26th October, 2017 by Nicola Carruthers

Gin producers have joined forces with the Wine and Spirit Trade Association to call for the UK chancellor to freeze spirits duty in the November budget.

GIn Nielsen CGA Strategy

17 gin producers have teamed up with the WSTA to call for the UK government to freeze spirit duty

The WSTA, along with 21 gin distillers, have written to chancellor Philip Hammond and the secretary of state for Business, Energy and Industrial Strategy, Greg Clark, to raise serious concerns over a planned increase to spirits duty, which will see another 26p added to the price of a bottle.

According to the trade body, gin duties collected in the UK will go up by around £25 million on last year if duty is raised again for the second time this year. During the March budget, Hammond increased spirit duty by inflation at 3.9%, which added 30p to an average priced bottle of spirits.

The increases are part of a government policy planned to last for the duration of this parliament, which means the government is set to rake in £2 billion from British gin over the next five years. The WSTA has calculated that if the government goes ahead with duty hikes, then tax on a bottle of gin will go up by over a pound from £8.05 in 2017 to a predicted £9.13 by 2021.

Gin distillers are warning that the tax burden will “stifle the growth” of start-up producers.

“In 2016 Summerhall Distillery paid 31% of its annual turnover in duty alone. Our bottles retail at £29.95 which means that 45% of the money spent on a bottle of Pickering’s gin goes on duty and VAT,” said Matthew Gammell, co-founder of Pickering’s Gin.

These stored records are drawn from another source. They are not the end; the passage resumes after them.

Lemma dist_eq0 x y : eucl_dist x y = 0 -> x = y.
Proof.
move=> /eqP; rewrite sqrtr_eq0 => le0.
have : \sum_(i < d) (x ord0 i - y ord0 i) ^+ 2 = 0.
  by apply/eqP; rewrite eq_le le0 sumr_ge0 // => i _; exact: sqr_ge0.
move=> /sum_sqr_eq0 xy0; apply/rowP => i.
by apply/eqP; rewrite -subr_eq0 xy0.
Qed.

End euclidean_distance.

Section measurability.
Variables (R : realType) (d : nat).
Local Notation X := (Rd R d).

Lemma measurable_coord (i : 'I_d) :
  measurable_fun [set: X] (fun y : X => (y : 'rV[R]_d) ord0 i).
Proof.
apply: (measurability _ (RGenOpens.measurableE R)).
move=> _ [_ [a [b ->] <-]]; apply: sub_sigma_algebra; rewrite setTI.
exact: (continuousP _).1 (@coord_continuous R 1 d ord0 i) _
         (@interval_open R (BRight a) (BLeft b) isT isT).
Qed.

Lemma measurable_dist :
  measurable_fun [set: X * X] (fun p : X * X => eucl_dist (p.1 : 'rV[R]_d) p.2).
Proof.
apply: measurableT_comp; first exact: continuous_measurable_fun (@sqrt_continuous R).
apply: measurable_sum => i; apply: measurable_funX; apply: measurable_funB.
- exact: measurableT_comp (measurable_coord i) measurable_fst.
- exact: measurableT_comp (measurable_coord i) measurable_snd.
Qed.

Lemma measurable_Edist_comp d0 (T : measurableType d0) (f g : T -> X) :
  measurable_fun setT f -> measurable_fun setT g ->
  measurable_fun [set: T] (fun t => (eucl_dist (f t) (g t))%:E).
Proof.
move=> mf mg; apply/measurable_EFinP.
exact: measurableT_comp measurable_dist (measurable_fun_pair mf mg).
Qed.

Lemma measurable_Edist :
  measurable_fun [set: X * X] (fun q : X * X => (eucl_dist q.1 q.2)%:E).
Proof. exact: measurable_Edist_comp measurable_fst measurable_snd. Qed.
(* Let $\Xi$ be an orthogonally invariant FQ operation with circular-basis coefficients $\tilde p^{[s]}_{i_1,\dots,i_r}$ ($s=0$ scalar, $s\in\{1,2\}$ vectorial components, $s=12$ pseudoscalar). For a word $w$ over $\{1,2\}$ let $\mathrm{red}\,w$ be its shortest reduction under the rules $11=\lambda$, $22=\lambda$ ($\lambda$ the empty word). Let $\iota=(i_1,\dots,i_r)$ with all $i_j\in\{1,2\}$. If $\mathrm{red}\,\iota\notin\{\lambda,(2)\}$, and moreover either $s\in\{0,12\}$ or $\mathrm{red}\,\iota\notin\{(1),(2,1)\}$, then $\tilde p^{[s]}_{i_1,\dots,i_r}=0$.
   Context: Setting. $(Q_1,Q_2)$ is a Clifford system: $Q_1^2=Q_2^2=-1$, $Q_1Q_2=-Q_2Q_1$. $R_1,R_2$ are formal noncommuting infinitesimal variables; one works in the real algebra generated by $Q_1,Q_2,R_1,R_2$ (free apart from the Clifford relations), completed with respect to total degree in $R_1,R_2$, or in extensions of it by further formal infinitesimal elements. Put $A_i=Q_i+R_i$. For $Q$ with $Q^2=-1$ and any $X$ put $X^0_Q=\frac12(X+Q^{-1}XQ)$, $X^1_Q=\frac12(X-Q^{-1}XQ)$. The split variables are $r_1,\dots,r_8$: for $j\in\{1,2\}$, $\iota_1,\iota_2\in\{0,1\}$, $r_{4(j-1)+2\iota_1+\iota_2+1}=((R_jQ_j^{-1})^{\iota_1}_{Q_1})^{\iota_2}_{Q_2}$. An FQ operation around $(Q_1,Q_2)$ is given by formal real noncommutative power series in eight variables: scalar $\Xi(A_1,A_2)=f_0(r_1,\dots,r_8)$, vectorial $\Xi(A_1,A_2)=(f_1(r)Q_1,f_2(r)Q_2)$, pseudoscalar $\Xi(A_1,A_2)=f_{12}(r)Q_1Q_2$; the operation is identified with this family of series. The same series can be evaluated relative to any other Clifford system $(Q_1',Q_2')$ at $(A_1',A_2')$ with $A'_i-Q'_i$ infinitesimal, by forming the split variables of $A_i'-Q_i'$ relative to $(Q'_1,Q'_2)$ and multiplying by $Q'_s$. Mixed basis: $\hat r_1=\frac12(r_2-r_7)$, $\hat r_2=\frac12(r_2+r_7)$, $\hat r_3=\frac12(r_1+r_5)$, $\hat r_4=\frac12(r_1-r_5)$, $\hat r_5=\frac12(r_4-r_8)$, $\hat r_6=\frac12(r_4+r_8)$, $\hat r_7=\frac12(r_3+r_6)$, $\hat r_8=\frac12(r_3-r_6)$. Circular basis: $\tilde r_i=\hat r_i$ for $i\notin\{4,5\}$, $\tilde r_4=\hat r_4+\hat r_5$, $\tilde r_5=\hat r_4-\hat r_5$. Rewriting $f_s$ as a power series in $\tilde r_1,\dots,\tilde r_8$, $\tilde p^{[s]}_{i_1,\dots,i_r}$ is the coefficient of $\tilde r_{i_1}\cdots\tilde r_{i_r}$. Orthogonal invariance: let $t$ be a central formal variable with $t^2=0$ and $\mathrm{Rot}_t(B_1,B_2)=(B_1+tB_2,\,B_2-tB_1)$. A (pseudo)scalar $\Xi$ is orthogonally invariant if $\Xi_{(Q_1,Q_2)}(A_1,A_2)=\Xi_{\mathrm{Rot}_t(Q_1,Q_2)}(\mathrm{Rot}_t(A_1,A_2))$; a vectorial $\Xi$ is orthogonally invariant if $\mathrm{Rot}_t(\Xi_{(Q_1,Q_2)}(A_1,A_2))=\Xi_{\mathrm{Rot}_t(Q_1,Q_2)}(\mathrm{Rot}_t(A_1,A_2))$; the subscript indicates the base Clifford system relative to which the series is evaluated. *)

(* FQ operations around a Clifford system (Q1,Q2), modelled
   concretely in the completed free real algebra generated by Q1,Q2,R1,R2
   subject only to the Clifford relations, extended by a central t, t^2 = 0. *)
From HB Require Import structures.
From mathcomp Require Import all_boot all_order all_algebra.
Set Implicit Arguments. Unset Strict Implicit. Unset Printing Implicit Defensive.
Import Order.TTheory GRing.Theory Num.Theory.
Local Open Scope ring_scope.
(* Only the i = 1 term of the sum in the bound is needed. *)
Lemma rr_bound_ge (b : R) : (0 < alpha)%N -> (alpha < n.-1)%N -> 0 <= b ->
  let d := (expR eps - 1) / (expR eps + #|X|%:R - 1) * dTV P0 P1 in
  b ^+ 2 + d ^+ 2 <= 1 ->
  8 * d ^+ 2 <= Num.min (2 * eps) (tanh_half eps * sP P0 P1) ^+ 2 ->
  2 * b ^+ alpha <= rr_bound n alpha eps P0 P1.
Proof.
move=> alpha_gt0 alpha_lt b_ge0 d lecam d_sr.
rewrite /rr_bound /= ler_pM2l // le_min.
set C := 2 * _ * _; set sr := Num.min _ _.
have {}d_sr : 8 * d ^+ 2 <= sr ^+ 2 := d_sr.
have -> : C = 2 * d ^+ 2 by rewrite /d exprMn mulrA.
have d2_ge0 := sqr_ge0 d; clearbody d.
apply/andP; split; last by apply: exprn_le_powR_half => //; lra.
rewrite big_ltn; last by have := istar_gt0 alpha_gt0 alpha_lt; lia.
rewrite -[b ^+ alpha]addr0 lerD //; last by apply: sumr_ge0 => i _; apply: expR_ge0.
have b_le : b <= expR (- d ^+ 2 / 2) by apply: ler_expRN_half.
apply: le_trans (lerXn2r alpha _ _ b_le) _; rewrite ?nnegrE ?expR_ge0 //.
rewrite -expRM_natr ler_expR expr0 mul1r.
have : (2 * d ^+ 2) ^+ 2 / sr ^+ 2 <= 2 * d ^+ 2 / 4 by apply: sqr_div_sqr_le; lra.
have -> : - (alpha%:R * (2 * d ^+ 2) ^+ 2) / sr ^+ 2 =
          - (alpha%:R * ((2 * d ^+ 2) ^+ 2 / sr ^+ 2)) by rewrite mulrA mulNr.
have -> : - d ^+ 2 / 2 * alpha%:R = - (alpha%:R * (2 * d ^+ 2 / 4)) by field.
by move=> le_sr; rewrite lerN2 ler_wpM2l.
Qed.

End Bound.

Theorem theorem5p6 (R : realType) (X : finType) (P0 P1 : X -> R)
    (eps : R) (n kstar alpha : nat) :
  is_pmf P0 -> is_pmf P1 ->
  (forall x, 0 < P0 x) -> (forall x, 0 < P1 x) ->
  0 < eps -> (1 < n)%N -> (1 < kstar <= n)%N -> (1 <= alpha <= n)%N ->
  @ldp R X X eps (Wr eps) /\
  forall khat : {ffun 'I_n -> X} -> nat,
    (forall y, (1 <= khat y <= n)%N /\
       forall k, (1 <= k <= n)%N ->
         statS (Qout (Wr eps) P0) (Qout (Wr eps) P1) y k
         <= statS (Qout (Wr eps) P0) (Qout (Wr eps) P1) y (khat y)) ->
    probY kstar P0 P1 (Wr eps)
      (fun y => ~~ ((kstar - alpha <= khat y)%N && (khat y <= kstar + alpha)%N))
    <= rr_bound n alpha eps P0 P1.
Proof.
move=> P0_pmf P1_pmf P0_gt0 P1_gt0 eps_gt0 n_gt1 kstar_bounds alpha_bounds.
split=> [|khat khat_max]; first exact: ldp_Wr.
rewrite probY_prob.
have [alpha_large|alpha_small] := leqP n.-1 alpha.
  rewrite /prob big_pred0 ?rr_bound_ge0 // => y.
  by have [/andP[? ?] _] := khat_max y; apply/negbTE; rewrite negbK; apply/andP; split; lia.
have Q0_pmf := Qout_Wr_pmf eps_gt0 P0_pmf; have Q1_pmf := Qout_Wr_pmf eps_gt0 P1_pmf.
have Q0_gt0 := fun x => Qout_Wr_gt0 eps_gt0 x P0_pmf.
have Q1_gt0 := fun x => Qout_Wr_gt0 eps_gt0 x P1_pmf.
apply: (le_trans (prob_cusum_error Q0_pmf Q1_pmf Q0_gt0 Q1_gt0 kstar_bounds _ alpha)).
  by move=> y; have [range max] := khat_max y; split=> //; apply: max; lia.
apply: rr_bound_ge; rewrite -?dTV_Qout_Wr //; first by lia.
- exact: bhattacharyya_ge0.
- exact: bhattacharyya_sqr_add_dTV_sqr_le1.
exact: dTV_Qout_Wr_sqr_le.
Qed.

“These hugely unfair tax burdens mean that cash flow is severely restricted when a business like ours is trying to grow. The current proposed increase in duty of 3.4% would mean an increase in duty of £24,500 which for us is the equivalent of another employee. We would like to continue to grow and help boost the British economy but it is becoming increasingly tough to remain competitive in the marketplace.”

Alex Wolpert, founder of the East London Liquor Company, said: “We absolutely support a freeze to spirit duty, particularly as this is an opportunistic second increase this year at a time the government knows only too well that alcohol sales increase considerably over the festive period; duty already accounts for approximately 40% of our bottle price. With the current economic landscape, including the cost of living increasing and wages at an all-time low, the consumer ends up being the one to foot the chancellor’s duty increase, perpetuating the problem of the public’s expendable income being further reduced.”

Miles Beale, chief executive of the Wine and Spirit Trade Association, said: “We have seen a rapid growth in the number of distilleries in the UK and a new wave of UK and spirit makers are turning their hand to gin production in a bid to keep up with the thirst for new gin experiences.”

In December last year, UK gin sales exceeded £1 billion for the first time, six months ahead of forecasts, according to WSTA.

In the last five years, the number of distilleries in the UK has more than doubled to 273, with 40 opening in 2016 alone. In England, 84 distilleries have opened in the last five years.